Now that we are are “officially” in the holiday gift-buying season, let’s examine the effect boomers have had on Black Friday. Before the first boomers were in their teen years, the term “Black Friday” referred to a day in 1869. Two speculators had tried to corner the gold market, which resulted in the collapse of the price of gold. In fact, all events referred to as “black” days of the week had traditionally indicated ominous events, usually with a financial connection. The great Stock Market Crash of 1929 is often referred to as “Black Tuesday.”

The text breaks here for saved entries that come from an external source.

Definition u_du : tfield := fun idx p => p 0%nat * dx1 0 idx.
Definition du_dx : tfield := fun idx _ => dx2 0 2 idx.
Definition du_dy : tfield := fun idx _ => dx2 0 3 idx.
Definition u_du_dx : tfield := fun idx p => p 0%nat * dx2 0 2 idx.
Definition u_du_dy : tfield := fun idx p => p 0%nat * dx2 0 3 idx.
Definition u_du_dx_dy : tfield := fun idx p => p 0%nat * dx3 0 2 3 idx.

(* In the pp-wave metric the Christoffel symbols are very sparse: Gamma^u_{mn} = 0, and
   Gamma^x_{mn}, Gamma^y_{mn} vanish unless m = n = u. Hence du, du∧dx, du∧dy and
   du∧dx∧dy are parallel, so the 2-forms among them are Killing–Yano. For a parallel form w
   the Leibniz rule gives nabla (u w) = du ⊗ w, and the symmetrization Sym (du ⊗ w) is again
   parallel; therefore nabla Sym nabla (u w) = 0, i.e. u w is affine, and it is proper as soon
   as Sym (du ⊗ w) has a nonzero component. Finally d(u du) = du ∧ du = 0. *)

From Stdlib Require Import Reals Lra Lia List ClassicalEpsilon FunctionalExtensionality.
Import ListNotations.
Open Scope R_scope.

Arguments pd : simpl never.

Lemma pd_spec i F p l :
  derivable_pt_lim (fun t => F (upd p i t)) (p i) l -> pd i F p = l.
Proof.
  intro Hl. unfold pd.
  pose proof (epsilon_spec (inhabits 0)
    (fun l => derivable_pt_lim (fun t => F (upd p i t)) (p i) l) (ex_intro _ l Hl)) as E.
  exact (uniqueness_limite _ _ _ _ E Hl).
Qed.

Lemma pd_const i (c : R) p : pd i (fun _ => c) p = 0.
Proof. apply pd_spec, derivable_pt_lim_const. Qed.

Lemma pd_u_scale i (c : R) p : pd i (fun q => q 0%nat * c) p = delta 0 i * c.
Proof.
  apply pd_spec. unfold delta, upd.
  destruct (Nat.eq_dec 0 i) as [<-|Hi]; cbn.
  - replace (fun t => t * c) with (mult_real_fct c id)
      by (apply functional_extensionality; intro t; unfold mult_real_fct, id; ring).
    replace (1 * c) with (c * 1) by ring.
    apply derivable_pt_lim_scal, derivable_pt_lim_id.
  - destruct (Nat.eq_dec 0 i); [congruence|].
    replace (0 * c) with 0 by ring. apply derivable_pt_lim_const.
Qed.

Lemma pd_v_Hf H p : pd 1 (Hf H) p = 0.
Proof. apply pd_spec. unfold Hf, upd. cbn. apply derivable_pt_lim_const. Qed.

Lemma pd_gmet H i m n p :
  pd i (gmet H m n) p = delta 0 m * delta 0 n * pd i (Hf H) p.
Proof.
  unfold gmet; destruct m as [|[|[|[|m]]]]; destruct n as [|[|[|[|n]]]]; cbn;
  rewrite ?pd_const; [ change (fun q : pt => Hf H q) with (Hf H) | .. ]; ring.
Qed.

Lemma Gam_u H m n p : Gam H 0 m n p = 0.
Proof. unfold Gam, sum4, ginv. rewrite !pd_gmet, pd_v_Hf. cbn. ring. Qed.

Lemma Gam_transverse H a m n p : (a = 2 \/ a = 3)%nat ->
  Gam H a m n p = - / 2 * (delta 0 m * delta 0 n) * pd a (Hf H) p.
Proof. intros [-> | ->]; unfold Gam, sum4, ginv; rewrite !pd_gmet; cbn; ring. Qed.

Arguments Gam : simpl never.

Lemma sumR_map_scale {A} (c : R) (f : A -> R) l :
  sumR (map (fun i => c * f i) l) = c * sumR (map f l).
Proof.
  unfold sumR; induction l as [|a l IH]; cbn [map fold_right]; [ring | rewrite IH; ring].
Qed.

Lemma sumR_map_add {A} (f g : A -> R) l :
  sumR (map (fun i => f i + g i) l) = sumR (map f l) + sumR (map g l).
Proof.
  unfold sumR; induction l as [|a l IH]; cbn [map fold_right]; [ring | rewrite IH; ring].
Qed.

Definition christoffel_sum H (T : tfield) (m : nat) (nu : list nat) (p : pt) : R :=
  sumR (map (fun i => sum4 (fun l => Gam H l m (nth i nu 0%nat) p * T (repl nu i l) p))
            (seq 0 (length nu))).

Lemma nabla_cons H T m nu p :
  nabla H T (m :: nu) p = pd m (T nu) p - christoffel_sum H T m nu p.
Proof. reflexivity. Qed.

Lemma christoffel_sum_ext H (T1 T2 : tfield) m nu p :
  (forall idx, T1 idx p = T2 idx p) ->
  christoffel_sum H T1 m nu p = christoffel_sum H T2 m nu p.
Proof.
  intro E. unfold christoffel_sum. f_equal. apply map_ext. intro i.
  unfold sum4. rewrite !E. reflexivity.
Qed.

It is the Stock Market Crash and the Great Depression that lead us into the beginnings of the Black Friday story. In 1939, the Depression still had hold of the country and things remained pretty bleak for the majority of consumers and businesses. Since November contained five Thursdays that year, Thanksgiving would fall on the final day of the month. For businesses, that meant the holiday selling season would only be 24 days long. There had been an unwritten rule among retailers and consumers for many decades that holiday shopping should begin after Thanksgiving. For that reason, many large department stores across the country started to sponsor Thanksgiving Day parades as early as the 1920s as a way to usher in the holiday shopping season.
Boomers may or may not have recognized the alliance between commerce and Thanksgiving during their Wonder Years, but this clip surely shows it was there in 1960.
Business leaders had suggested the holiday be moved before, but with the Depression lingering in 1939, President Franklin Roosevelt agreed to move Thanksgiving to the fourth Thursday in November, from the last Thursday position it had held since President Lincoln signed the first holiday proclamation in 1863. The thinking was that retailers would be helped out by adding an extra week to the holiday shopping season. It was not an idea that was well received. Only 22 states decided to adopt the new Thanksgiving Day. This prompted humorist Will Rogers to declare that there were two Thanksgivings: one for Democrats and one for Republicans, since Republicans were overwhelmingly against the idea. Congress finally got around to approving the date change in 1941, moving Thanksgiving to the fourth Thursday in November, where we celebrate it today.
Despite the discrepancies in the Thanksgiving holiday celebration date, there still was no mention of Black Friday. That would wait until long after the War. So long after, actually, that the first wave of post-war boomer children had reached their teens and twenties. The first mention of the day after Thanksgiving being called Black Friday dates to 1966. That’s when police officers in Philadelphia referred to the day as being “black” because of the huge problems vehicular and pedestrian traffic caused them. Since many people were home for the holiday weekend, they would flock to see the city dressed in its holiday best. Retailers joined in the “black” foray to lament the onslaught of shoppers that would descend on them the day after Thanksgiving. Many boomers will find it hard to recall a day-after event named Black Friday. It had not really coalesced into a full-blown marketing event during our formative years, though some stores did grab the name for their sale advertisements.
While the parents of boomers helped create the circumstances surrounding Black Friday, it was the Boomer Generation that took it to its next level. By the 1980s, boomers were in charge as store owners, managers, marketers and as parents themselves. We had already become the greatest consumer generation the country had ever seen, and now we were poised to elevate our own paean to shopping. It was about this time that attempts were made in the press to change the ominous “Black Friday” to one that referred to “in the black,” which meant a time when retailers were “out of the red” and into the profit-making zone. It wasn’t necessarily true for many retailers, but sounded like a reasonable explanation for calling the day “black.” In the 1980s, the country was in a recession. As a result, deep discounts began to be advertised for the day after Thanksgiving as a way of luring shoppers to specific stores. Sales usually centered around clearance items, with the occasional “loss leader” (the limited quantity, highly discounted item) tossed in as bait. Therefore, it was the Boomer Generation that set the stage for Black Friday, though it took the children of boomers to take it to the level of insanity that now occurs.
Boomers recall a time in their youth when stores not only didn’t open at 4 a.m., they rarely opened before 9 a.m. It was even rarer for one to stay open past 9 p.m. In most areas, stores were not open on Sundays, even during the holiday season. As the sixties became the seventies, seven-day-a-week retail store hours were becoming accepted as the new norm. It would seem a somewhat logical progression that the next twenty years would see an extension of the hours to earlier and later. This season, however, another milestone has been reached; the first mention Mister Boomer can recall of retail stores staying open 24 hours a day, beginning on Thanksgiving Day. In our younger days, it was a source of pride for stores to post a sign stating they would be closed on the holiday, “So our employees may celebrate with their families.” Now, the new source of pride appears to be the “always open” sign.
What do you think about Black Friday, boomers? Is it a logical extension of our boomer-sixties mantra of, “If it feels good, do it,” or have we become the next generation of carpetbaggers, eager to wring out the last drop of profit from an all-too-willing public?
“paean”? Personally I prefer pumpkin, traditional for TG day. Some prefer sweet potato pie, but to bobbyjay that just tastes “turrible” as Charles B. and/or Frank Calletano would say.